▸ **Problem statement**:
Once the line containing "Lemma le_of_is_derive_nonneg (f" has been written out, stop; until then, restate each line of the entries below word for word from the first.

*** Raw data Section Begins ***

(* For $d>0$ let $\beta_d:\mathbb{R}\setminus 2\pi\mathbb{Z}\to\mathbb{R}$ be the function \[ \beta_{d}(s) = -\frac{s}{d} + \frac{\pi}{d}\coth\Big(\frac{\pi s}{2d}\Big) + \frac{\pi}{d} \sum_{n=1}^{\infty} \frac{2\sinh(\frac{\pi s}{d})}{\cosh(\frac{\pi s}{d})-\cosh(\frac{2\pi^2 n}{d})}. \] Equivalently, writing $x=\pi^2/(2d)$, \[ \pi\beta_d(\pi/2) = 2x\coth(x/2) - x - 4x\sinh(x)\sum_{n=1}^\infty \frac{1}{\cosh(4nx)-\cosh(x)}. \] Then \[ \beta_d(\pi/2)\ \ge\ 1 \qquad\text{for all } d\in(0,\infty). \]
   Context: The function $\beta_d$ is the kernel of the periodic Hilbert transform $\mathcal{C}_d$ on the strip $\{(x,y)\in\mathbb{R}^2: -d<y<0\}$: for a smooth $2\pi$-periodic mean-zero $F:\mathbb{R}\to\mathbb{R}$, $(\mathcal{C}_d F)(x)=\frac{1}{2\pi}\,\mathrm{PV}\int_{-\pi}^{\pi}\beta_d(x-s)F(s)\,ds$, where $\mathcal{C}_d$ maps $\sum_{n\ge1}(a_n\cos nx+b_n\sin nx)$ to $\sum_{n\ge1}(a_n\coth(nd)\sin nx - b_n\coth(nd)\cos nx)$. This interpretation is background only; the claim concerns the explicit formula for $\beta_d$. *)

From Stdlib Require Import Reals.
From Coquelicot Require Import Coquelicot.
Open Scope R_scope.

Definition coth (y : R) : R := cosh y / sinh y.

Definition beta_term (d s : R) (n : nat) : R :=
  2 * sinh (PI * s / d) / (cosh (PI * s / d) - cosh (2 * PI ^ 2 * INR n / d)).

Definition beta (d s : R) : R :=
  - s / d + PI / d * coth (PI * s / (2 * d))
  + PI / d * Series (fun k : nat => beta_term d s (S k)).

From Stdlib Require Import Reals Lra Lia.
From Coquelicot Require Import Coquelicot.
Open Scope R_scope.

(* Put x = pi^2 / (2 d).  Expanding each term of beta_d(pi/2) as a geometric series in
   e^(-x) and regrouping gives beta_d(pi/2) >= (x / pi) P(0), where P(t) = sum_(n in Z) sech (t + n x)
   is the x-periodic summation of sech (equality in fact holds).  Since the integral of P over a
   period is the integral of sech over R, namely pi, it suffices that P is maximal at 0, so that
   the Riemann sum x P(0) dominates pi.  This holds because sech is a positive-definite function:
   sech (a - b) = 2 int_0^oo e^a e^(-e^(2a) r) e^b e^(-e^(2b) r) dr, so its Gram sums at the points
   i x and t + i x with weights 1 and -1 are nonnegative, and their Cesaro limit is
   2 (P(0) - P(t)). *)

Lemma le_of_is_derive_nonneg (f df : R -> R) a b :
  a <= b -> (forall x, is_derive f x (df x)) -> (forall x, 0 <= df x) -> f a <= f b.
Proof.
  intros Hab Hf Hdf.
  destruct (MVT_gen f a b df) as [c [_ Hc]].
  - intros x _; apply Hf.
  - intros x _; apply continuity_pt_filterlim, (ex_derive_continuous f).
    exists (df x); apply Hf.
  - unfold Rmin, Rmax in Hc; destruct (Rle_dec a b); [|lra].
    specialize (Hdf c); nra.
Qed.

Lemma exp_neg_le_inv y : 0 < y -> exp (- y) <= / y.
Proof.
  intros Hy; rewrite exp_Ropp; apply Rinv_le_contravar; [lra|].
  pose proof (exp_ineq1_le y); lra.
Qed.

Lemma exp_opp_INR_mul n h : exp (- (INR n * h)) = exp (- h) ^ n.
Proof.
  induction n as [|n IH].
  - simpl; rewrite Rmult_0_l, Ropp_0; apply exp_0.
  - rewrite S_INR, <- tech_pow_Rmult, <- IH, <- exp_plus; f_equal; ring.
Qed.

*** Raw data Section Ends ***

▸ **Response to this exercise**:
(* For $d>0$ let $\beta_d:\mathbb{R}\setminus 2\pi\mathbb{Z}\to\mathbb{R}$ be the function \[ \beta_{d}(s) = -\frac{s}{d} + \frac{\pi}{d}\coth\Big(\frac{\pi s}{2d}\Big) + \frac{\pi}{d} \sum_{n=1}^{\infty} \frac{2\sinh(\frac{\pi s}{d})}{\cosh(\frac{\pi s}{d})-\cosh(\frac{2\pi^2 n}{d})}. \] Equivalently, writing $x=\pi^2/(2d)$, \[ \pi\beta_d(\pi/2) = 2x\coth(x/2) - x - 4x\sinh(x)\sum_{n=1}^\infty \frac{1}{\cosh(4nx)-\cosh(x)}. \] Then \[ \beta_d(\pi/2)\ \ge\ 1 \qquad\text{for all } d\in(0,\infty). \]
   Context: The function $\beta_d$ is the kernel of the periodic Hilbert transform $\mathcal{C}_d$ on the strip $\{(x,y)\in\mathbb{R}^2: -d<y<0\}$: for a smooth $2\pi$-periodic mean-zero $F:\mathbb{R}\to\mathbb{R}$, $(\mathcal{C}_d F)(x)=\frac{1}{2\pi}\,\mathrm{PV}\int_{-\pi}^{\pi}\beta_d(x-s)F(s)\,ds$, where $\mathcal{C}_d$ maps $\sum_{n\ge1}(a_n\cos nx+b_n\sin nx)$ to $\sum_{n\ge1}(a_n\coth(nd)\sin nx - b_n\coth(nd)\cos nx)$. This interpretation is background only; the claim concerns the explicit formula for $\beta_d$. *)

From Stdlib Require Import Reals.
From Coquelicot Require Import Coquelicot.
Open Scope R_scope.

Definition coth (y : R) : R := cosh y / sinh y.

Definition beta_term (d s : R) (n : nat) : R :=
  2 * sinh (PI * s / d) / (cosh (PI * s / d) - cosh (2 * PI ^ 2 * INR n / d)).

Definition beta (d s : R) : R :=
  - s / d + PI / d * coth (PI * s / (2 * d))
  + PI / d * Series (fun k : nat => beta_term d s (S k)).

From Stdlib Require Import Reals Lra Lia.
From Coquelicot Require Import Coquelicot.
Open Scope R_scope.

(* Put x = pi^2 / (2 d).  Expanding each term of beta_d(pi/2) as a geometric series in
   e^(-x) and regrouping gives beta_d(pi/2) >= (x / pi) P(0), where P(t) = sum_(n in Z) sech (t + n x)
   is the x-periodic summation of sech (equality in fact holds).  Since the integral of P over a
   period is the integral of sech over R, namely pi, it suffices that P is maximal at 0, so that
   the Riemann sum x P(0) dominates pi.  This holds because sech is a positive-definite function:
   sech (a - b) = 2 int_0^oo e^a e^(-e^(2a) r) e^b e^(-e^(2b) r) dr, so its Gram sums at the points
   i x and t + i x with weights 1 and -1 are nonnegative, and their Cesaro limit is
   2 (P(0) - P(t)). *)

Lemma le_of_is_derive_nonneg (f df : R -> R) a b :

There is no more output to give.